Collection entries
(* Let $R$ be a valuation domain of cardinality $\aleph_1$ with quotient field $Q$, where $Q$ is not countably generated as an $R$-module. If the type $Q/R$ is essentially countable, then it is strongly countable.
   Context: A valuation domain is an integral domain whose ideals are linearly ordered by inclusion. For an $R$-submodule $J$ of $Q$ with $R\subseteq J$, not countably generated, write $J=\bigcup_{\sigma<\omega_1} r_\sigma^{-1}R$ with nonzero $r_\sigma\in R$ such that for $\tau<\sigma$, $r_\tau\mid r_\sigma$ and $r_\sigma\nmid r_\tau$. The type $J/R$ is essentially uncountable if for every $\sigma<\omega_1$ there is $\tau>\sigma$ with $r_\sigma R/r_\tau R$ uncountable; otherwise it is essentially countable (equivalently, there is $\gamma<\omega_1$ with $r_\gamma R/r_\sigma R$ countable for all $\gamma<\sigma<\omega_1$). It is strongly countable if $R/r_\sigma R$ is countable for all $\sigma<\omega_1$. These notions are independent of the choice of the $r_\sigma$. *)

From HB Require Import structures.
From mathcomp Require Import all_boot all_order all_algebra fraction.
From mathcomp Require Import boolp classical_sets cardinality.
Set Implicit Arguments. Unset Strict Implicit. Unset Printing Implicit Defensive.
Import Order.TTheory GRing.Theory.
Local Open Scope classical_set_scope.
Local Open Scope ring_scope.

Section Defs.
Variable R : idomainType.
Local Notation "x %:F" := (@FracField.tofrac R x).

Definition is_ideal (I : set R) : Prop :=
  [/\ I 0, (forall x y, I x -> I y -> I (x + y)) & (forall r x, I x -> I (r * x))].

Definition valuation_domain : Prop :=
  forall I J : set R, is_ideal I -> is_ideal J -> I `<=` J \/ J `<=` I.

Definition rdvd (a b : R) : Prop := exists c : R, b = a * c.

Definition principal (a : R) : set R := [set a * x | x in [set: R]].

(* the module aR / bR (b R contained in a R), as the set of cosets x + bR, x in aR *)
Definition quot_cosets (a b : R) : set (set R) :=
  [set [set x + y | y in principal b] | x in principal a].

Definition quot_cosets_R (b : R) : set (set R) :=
  [set [set x + y | y in principal b] | x in [set: R]].

Definition inv_principal (r : R) : set {fraction R} :=
  [set (x%:F) / (r%:F) | x in [set: R]].

Definition R_span (G : set {fraction R}) : set {fraction R} :=
  [set q | exists (n : nat) (c : 'I_n -> R) (g : 'I_n -> {fraction R}),
      (forall i, G (g i)) /\ q = \sum_(i < n) (c i)%:F * g i].

Definition Q_countably_generated : Prop :=
  exists G : set {fraction R}, countable G /\ R_span G = [set: {fraction R}].
End Defs.

(* (T, lt) is (order-isomorphic to) the first uncountable ordinal omega_1:
   a strict well-order which is uncountable, all of whose proper initial
   segments are countable. *)
Definition omega1 (T : Type) (lt : T -> T -> Prop) : Prop :=
  [/\ (forall x, ~ lt x x),
      (forall x y z, lt x y -> lt y z -> lt x z),
      (forall x y, lt x y \/ x = y \/ lt y x),
      well_founded lt &
      (~ countable [set: T] /\ forall t, countable [set s | lt s t])].

Definition card_aleph1 (A : Type) : Prop :=
  exists (T : Type) (lt : T -> T -> Prop), omega1 lt /\ ([set: T] #= [set: A])%card.

Section Types.
Variables (R : idomainType) (T : Type) (lt : T -> T -> Prop) (r : T -> R).

Definition omega1_repr_Q : Prop :=
  [/\ omega1 lt,
      (forall s, r s != 0),
      (forall t s, lt t s -> rdvd (r t) (r s) /\ ~ rdvd (r s) (r t)) &
      [set: {fraction R}] = \bigcup_(s in [set: T]) inv_principal (r s)].

Definition ess_uncountable : Prop :=
  forall s, exists t, lt s t /\ ~ countable (quot_cosets (r s) (r t)).

Definition ess_countable : Prop := ~ ess_uncountable.

Definition strongly_countable : Prop :=
  forall s, countable (quot_cosets_R (r s)).
End Types.

From HB Require Import structures.
From mathcomp Require Import all_boot all_order all_algebra fraction.
From mathcomp Require Import boolp classical_sets cardinality.
Set Implicit Arguments. Unset Strict Implicit. Unset Printing Implicit Defensive.
Import Order.TTheory GRing.Theory.
Local Open Scope classical_set_scope.
Local Open Scope ring_scope.

(* Essential countability yields one index g with r_g R / r_t R countable for
   every t (for t <= g the quotient is trivial).  Given t, write 1/(r_g r_t) as
   x / r_s; then r_s = r_g r_t x, and R / r_t R is the image of the countable
   r_g R / r_s R under "divide by r_g, then reduce mod r_t". *)

Section Cosets.
Variable R : idomainType.

Lemma quot_cosets_trivial (a b : R) : rdvd b a ->
  quot_cosets a b `<=` [set principal b].
Proof.
move=> [d ->] C [x [u _ <-] <-] /=.
apply/seteqP; split => z /=.
- by move=> [y [v _ <-] <-]; exists (d * u + v) => //; rewrite mulrDr mulrA.
- move=> [w _ <-]; exists (b * w - b * d * u); last by rewrite addrC subrK.
  by exists (w - d * u) => //; rewrite mulrBr mulrA.
Qed.

Lemma countable_quot_cosets_dvd (a b : R) : rdvd b a ->
  countable (quot_cosets a b).
Proof.
move=> ba; apply: sub_countable (countable1 (principal b)).
exact/subset_card_le/quot_cosets_trivial.
Qed.

Definition descend_coset (g t : R) (C : set R) : set R :=
  [set z | exists a, C (g * a) /\ rdvd t (z - a)].

Lemma quot_cosets_R_descend (g t c : R) : g != 0 ->
  quot_cosets_R t `<=` descend_coset g t @` quot_cosets g (g * (t * c)).
Proof.
move=> g0 C [a0 _ <-].
exists [set g * a0 + y | y in principal (g * (t * c))].
  by exists (g * a0) => //; exists a0.
apply/seteqP; split => z /=.
- move=> [a [[y [w _ <-] Hga] [e He]]].
  have Ha : a = a0 + t * (c * w).
    by apply: (mulfI g0); rewrite -Hga mulrDr !mulrA.
  exists (t * (c * w + e)); first by exists (c * w + e).
  by rewrite mulrDr addrA -Ha -He addrC subrK.
- move=> [y [v _ <-] <-]; exists a0; split.
    by exists 0; [exists 0; rewrite ?mulr0 | rewrite addr0].
  by exists v; rewrite addrC addKr.
Qed.

Lemma countable_quot_cosets_R (g t c : R) : g != 0 ->
  countable (quot_cosets g (g * (t * c))) -> countable (quot_cosets_R t).
Proof.
move=> g0 cnt; apply: sub_countable cnt.
apply: (card_le_trans (B := descend_coset g t @` quot_cosets g (g * (t * c)))).
  exact/subset_card_le/quot_cosets_R_descend.
exact: card_image_le.
Qed.

End Cosets.

Section Omega1Representation.
Variables (R : idomainType) (T : Type) (lt : T -> T -> Prop) (r : T -> R).
Hypothesis repr : omega1_repr_Q lt r.
Local Notation "x %:F" := (@FracField.tofrac R x).

Lemma omega1_repr_Q_mul (a : R) : a != 0 -> exists s x, r s = a * x.
Proof.
case: repr => _ rnz _ Qeq a0.
have : [set: {fraction R}] (a%:F)^-1 by [].
rewrite Qeq => -[s _ [x _ xE]]; exists s, x.
have Fs : (r s)%:F != 0 by rewrite tofrac_eq0.
have Fa : a%:F != 0 by rewrite tofrac_eq0.
apply/eqP; rewrite -tofrac_eq tofracM; apply/eqP.
by rewrite -(divfK Fs x%:F) xE mulrA mulfV ?mul1r.
Qed.

Lemma ess_countable_uniform : ess_countable lt r ->
  exists g, forall t, countable (quot_cosets (r g) (r t)).
Proof.
case: repr => -[_ _ tri _ _] _ rdiv _ ess.
apply: contrapT => nounif; apply: ess => s.
apply: contrapT => small; apply: nounif; exists s => t.
case: (tri s t) => [st|[<-|ts]].
- by apply: contrapT => unc; apply: small; exists t.
- by apply: countable_quot_cosets_dvd; exists 1; rewrite mulr1.
- exact/countable_quot_cosets_dvd/(rdiv _ _ ts).1.
Qed.

End Omega1Representation.

Theorem mainTheorem3 (R : idomainType) (T : Type) (lt : T -> T -> Prop)
    (r : T -> R) :
  valuation_domain R ->
  card_aleph1 R ->
  ~ Q_countably_generated R ->
  omega1_repr_Q lt r ->
  ess_countable lt r ->
  strongly_countable r.
Proof.
move=> _ _ _ repr /(ess_countable_uniform repr) [g cnt] t.
have [_ rnz _ _] := repr.
have [s [x rsE]] := omega1_repr_Q_mul repr (mulf_neq0 (rnz g) (rnz t)).
apply: (countable_quot_cosets_R (g := r g) (c := x)) => //.
by rewrite mulrA -rsE.
Qed.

- PROBLEM STATEMENT -
Copy from the entries above each line in which the string "addrC" can be found.

- RESPONSE TO THIS EXERCISE -
- move=> [w _ <-]; exists (b * w - b * d * u); last by rewrite addrC subrK.
  by rewrite mulrDr addrA -Ha -He addrC subrK.
  by exists v; rewrite addrC addKr.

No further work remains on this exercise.